Frequently Asked Questions About High Protein Chicken Enchiladas
Here are answers to some common questions to help you perfect your High Protein Chicken Enchiladas.
Can I make these enchiladas in advance?
Yes! You can prepare the enchiladas up to the point where you add the enchilada sauce and cheese. Once assembled, cover them tightly and refrigerate for up to 24 hours before baking. This is a great time-saving option if you need to prep your meals ahead of time.
Can I use corn tortillas instead of flour tortillas for this recipe?
Absolutely! Corn tortillas work just as well as flour tortillas. If you prefer the traditional taste and texture of corn tortillas, feel free to swap them out. Keep in mind that corn tortillas may tear more easily than flour tortillas, so handle them with care.
Can I add more vegetables to the chicken mixture?
Yes, adding extra vegetables is a great way to boost the nutrition of your High Protein Chicken Enchiladas. You can mix in spinach, bell peppers, zucchini, or mushrooms to increase the fiber and volume of the dish without adding extra calories.
How do I make this recipe spicier?
If you prefer spicier enchiladas, you can add diced jalapeños, chopped green chilies, or a few dashes of hot sauce to the chicken mixture.

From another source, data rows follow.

(* Let $H$ be a real Hilbert space with inner product $\langle\cdot,\cdot\rangle$ and norm $|\cdot|$, and let $A_1:D(A_1)\subset H\to H$, $A_2:D(A_2)\subset H\to H$ be densely defined closed linear operators with $A_i=A_i^*$ and $\langle A_iu,u\rangle\ge \omega_i|u|^2$ for all $u\in D(A_i)$ ($i=1,2$), for some $\omega_1,\omega_2>0$. Then the following are equivalent: (a) $D(A_2)\subset D(A_1^{1/2})$ and there is $c>0$ with $|A_1^{1/2}u|\le c|A_2u|$ for all $u\in D(A_2)$; (b) $A_1^{1/2}A_2^{-1}$ is a bounded linear operator on $H$; (c) there is $c>0$ such that $|\langle A_1u,v\rangle|\le c\,|A_2v|\,\langle A_1u,u\rangle^{1/2}$ for all $u\in D(A_1)$ and all $v\in D(A_2)$.
   Context: $A_1^{1/2}$ denotes the (self-adjoint, positive) square root of $A_1$, with domain $D(A_1^{1/2})$. *)

From HB Require Import structures.
From mathcomp Require Import all_boot all_order all_algebra.
From mathcomp Require Import reals.
Set Implicit Arguments. Unset Strict Implicit. Unset Printing Implicit Defensive.
Import Order.TTheory GRing.Theory Num.Theory.
Local Open Scope ring_scope.

Section Hilbert.
Variables (R : realType) (V : lmodType R) (ip : V -> V -> R).

Definition is_inner_product : Prop :=
  [/\ (forall (a : R) (u v w : V), ip (a *: u + v) w = a * ip u w + ip v w),
      (forall u v, ip u v = ip v u),
      (forall u, 0 <= ip u u) &
      (forall u, ip u u = 0 -> u = 0)].

Definition hnorm (u : V) : R := Num.sqrt (ip u u).

Definition seq_cvg (x : nat -> V) (l : V) : Prop :=
  forall e : R, 0 < e -> exists N : nat, forall n, (N <= n)%N -> hnorm (x n - l) < e.

Definition seq_cauchy (x : nat -> V) : Prop :=
  forall e : R, 0 < e -> exists N : nat,
    forall m n, (N <= m)%N -> (N <= n)%N -> hnorm (x n - x m) < e.

Definition is_complete : Prop :=
  forall x : nat -> V, seq_cauchy x -> exists l, seq_cvg x l.

Definition is_hilbert : Prop := is_inner_product /\ is_complete.

(* A (possibly unbounded) operator is a pair (D, A): domain D and action A
   (values of A outside D are irrelevant). *)

Definition linear_op (D : V -> Prop) (A : V -> V) : Prop :=
  [/\ D 0,
      (forall (a : R) u v, D u -> D v -> D (a *: u + v)) &
      (forall (a : R) u v, D u -> D v -> A (a *: u + v) = a *: A u + A v)].

Definition dense (D : V -> Prop) : Prop :=
  forall x (e : R), 0 < e -> exists y, D y /\ hnorm (x - y) < e.

Definition closed_op (D : V -> Prop) (A : V -> V) : Prop :=
  forall (x : nat -> V) u f, (forall n, D (x n)) ->
    seq_cvg x u -> seq_cvg (fun n => A (x n)) f -> D u /\ A u = f.

(* A = A-adjoint: the adjoint domain {v | exists w, forall u in D(A), <Au,v> = <u,w>}
   equals D(A), and the adjoint acts as A on it (the adjoint value at v is the
   unique such w, D being dense). *)
Definition self_adjoint (D : V -> Prop) (A : V -> V) : Prop :=
  (forall v, D v <-> exists w, forall u, D u -> ip (A u) v = ip u w) /\
  (forall u v, D u -> D v -> ip (A u) v = ip u (A v)).

Definition bounded_below (D : V -> Prop) (A : V -> V) (omega : R) : Prop :=
  forall u, D u -> omega * hnorm u ^+ 2 <= ip (A u) u.

(* (DS, S) is the (positive self-adjoint) square root of (D, A):
   S is a densely defined linear self-adjoint nonnegative operator with S^2 = A,
   including equality of domains D(A) = {u in D(S) | S u in D(S)}. *)
Definition is_sqrt_op (DS : V -> Prop) (S : V -> V) (D : V -> Prop) (A : V -> V) : Prop :=
  [/\ linear_op DS S, dense DS, self_adjoint DS S &
      (forall u, DS u -> 0 <= ip (S u) u)] /\
  ((forall u, D u <-> DS u /\ DS (S u)) /\
   (forall u, D u -> S (S u) = A u)).

(* graph of the composite S A2^{-1}: f |-> S u where u in D(A2), A2 u = f, u in D(S) *)
Definition comp_inv_graph (DS : V -> Prop) (S : V -> V) (D2 : V -> Prop) (A2 : V -> V)
    (f g : V) : Prop :=
  exists u, [/\ D2 u, A2 u = f, DS u & S u = g].

Definition is_bounded_linear_graph (G : V -> V -> Prop) : Prop :=
  exists T : V -> V,
    [/\ (forall (a : R) f g, T (a *: f + g) = a *: T f + T g),
        (exists c : R, forall f, hnorm (T f) <= c * hnorm f) &
        (forall f g, G f g <-> g = T f)].

End Hilbert.

From HB Require Import structures.
From mathcomp Require Import all_boot all_order all_algebra.
From mathcomp Require Import classical_sets boolp reals.
From mathcomp Require Import ring lra zify.
Set Implicit Arguments.
Unset Strict Implicit.
Unset Printing Implicit Defensive.
Import Order.TTheory GRing.Theory Num.Theory.
Local Open Scope ring_scope.

(* For u in D(A1) and v in D(S), S := A1^{1/2}, one has <A1 u, v> = <S u, S v>, and
   S maps D(A1) onto D(S).  A self-adjoint operator bounded below by a positive constant
   maps its domain bijectively onto H (by the Riesz representation theorem), so (a) <-> (b)
   only says that S A2^{-1} is everywhere defined and bounded.  (a) -> (c) is
   Cauchy-Schwarz, since |S u| = <A1 u, u>^{1/2}.  Conversely, (c) bounds the functional
   y |-> <S y, v> on D(S) by c |A2 v| |y|, which by self-adjointness of S puts v in D(S)
   with |S v| <= c |A2 v|. *)

Lemma eventually_inv_succ_lt (R : realType) (r : R) : 0 < r ->
  exists N : nat, forall n, (N <= n)%N -> 1 / n.+1%:R < r.
Proof.
move=> r_gt0; have rV_ge0 : 0 <= r^-1 by rewrite invr_ge0 ltW.
have ltN := archimedean.Num.Theory.archi_boundP rV_ge0.
set N := archimedean.Num.Def.archi_bound _ in ltN.
exists N => n leNn.
have leNn' : (N%:R : R) <= n.+1%:R by rewrite ler_nat; lia.
rewrite mul1r -(invrK r) ltf_pV2 ?posrE ?invr_gt0 ?ltr0n //.
exact: lt_le_trans ltN leNn'.
Qed.

Section InnerProduct.
Variables (R : realType) (V : lmodType R) (ip : V -> V -> R).
Hypothesis ip_inner : is_inner_product ip.

Lemma ipDZl a u v w : ip (a *: u + v) w = a * ip u w + ip v w.
Proof. by case: ip_inner. Qed.
Lemma ipC u v : ip u v = ip v u.
Proof. by case: ip_inner. Qed.
Lemma ip_ge0 u : 0 <= ip u u.
Proof. by case: ip_inner. Qed.
Lemma ip_eq0 u : ip u u = 0 -> u = 0.
Proof. by case: ip_inner => _ _ _; apply. Qed.

Lemma ip0l w : ip 0 w = 0.
Proof.
have := ipDZl 1 0 0 w; rewrite scale1r addr0 mul1r => ip0_twice.
by apply: (addrI (ip 0 w)); rewrite addr0 -ip0_twice.
Qed.
Lemma ipDl u v w : ip (u + v) w = ip u w + ip v w.
Proof. by rewrite -[u]scale1r ipDZl mul1r scale1r. Qed.
Lemma ipZl a u w : ip (a *: u) w = a * ip u w.
Proof. by rewrite -[a *: u]addr0 ipDZl ip0l addr0. Qed.
Lemma ipBl u v w : ip (u - v) w = ip u w - ip v w.
Proof. by rewrite ipDl -scaleN1r ipZl mulN1r. Qed.
Lemma ip0r w : ip w 0 = 0.
Proof. by rewrite ipC ip0l. Qed.
Lemma ipDr u v w : ip w (u + v) = ip w u + ip w v.
Proof. by rewrite ipC ipDl !(ipC w). Qed.
Lemma ipZr a u w : ip w (a *: u) = a * ip w u.
Proof. by rewrite ipC ipZl ipC. Qed.
Lemma ipBr u v w : ip w (u - v) = ip w u - ip w v.
Proof. by rewrite ipC ipBl !(ipC w). Qed.

Lemma ip_combination a b u v :
  ip (a *: u + b *: v) (a *: u + b *: v) =
  a ^+ 2 * ip u u + 2 * a * b * ip u v + b ^+ 2 * ip v v.
Proof. by rewrite !ipDl !ipDr !ipZl !ipZr (ipC v u); ring. Qed.

Lemma hnorm_ge0 u : 0 <= hnorm ip u.
Proof. exact: sqrtr_ge0. Qed.
Lemma hnorm_sqr u : hnorm ip u ^+ 2 = ip u u.
Proof. by rewrite sqr_sqrtr ?ip_ge0. Qed.
Lemma hnorm0 : hnorm ip 0 = 0.
Proof. by rewrite /hnorm ip0l sqrtr0. Qed.
Lemma hnorm_eq0 u : hnorm ip u = 0 -> u = 0.
Proof. by move=> u0; apply: ip_eq0; rewrite -hnorm_sqr u0 expr0n. Qed.

Lemma cauchy_schwarz u v : `|ip u v| <= hnorm ip u * hnorm ip v.
Proof.
have [->|v_neq0] := eqVneq v 0; first by rewrite ip0r hnorm0 mulr0 normr0.
have vv_gt0 : 0 < ip v v.
  by rewrite lt_neqAle ip_ge0 andbT eq_sym; apply: contra_neq v_neq0; apply: ip_eq0.
(* expand <u - t v, u - t v> >= 0 at the minimizing t = <u,v>/<v,v> *)
have := ip_ge0 (1 *: u + (- ip u v / ip v v) *: v); rewrite ip_combination.
have -> : 1 ^+ 2 * ip u u + 2 * 1 * (- ip u v / ip v v) * ip u v
          + (- ip u v / ip v v) ^+ 2 * ip v v = ip u u - ip u v ^+ 2 / ip v v.
  by field; rewrite gt_eqF.
rewrite subr_ge0 ler_pdivrMr // => sq_le.
by rewrite -sqrtrM ?ip_ge0 // -sqrtr_sqr ler_sqrt // mulr_ge0 ?ip_ge0.
Qed.

Lemma ler_hnormD u v : hnorm ip (u + v) <= hnorm ip u + hnorm ip v.
Proof.
rewrite -(ler_pXn2r (_ : (0 < 2)%N)) ?nnegrE ?addr_ge0 ?hnorm_ge0 //.
rewrite hnorm_sqr -[u]scale1r -[v]scale1r ip_combination !scale1r -!hnorm_sqr.
have := cauchy_schwarz u v; have := ler_norm (ip u v); nra.
Qed.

You can also opt for a spicier enchilada sauce if you like extra heat.

Final Thoughts on High Protein Chicken Enchiladas
High Protein Chicken Enchiladas are a fantastic way to enjoy a classic Mexican meal while meeting your protein goals. Whether you’re making them for a weeknight dinner, a meal prep option, or a special occasion, these enchiladas are versatile, delicious, and nutritious.
With simple ingredients like chicken, Greek yogurt, and refried beans, you can make a satisfying meal that doesn’t skimp on flavor or protein. By customizing the recipe to fit your tastes or dietary needs, you can make this dish uniquely yours.
Give this recipe a try, and you’ll quickly see why High Protein Chicken Enchiladas are a must-try in your meal rotation!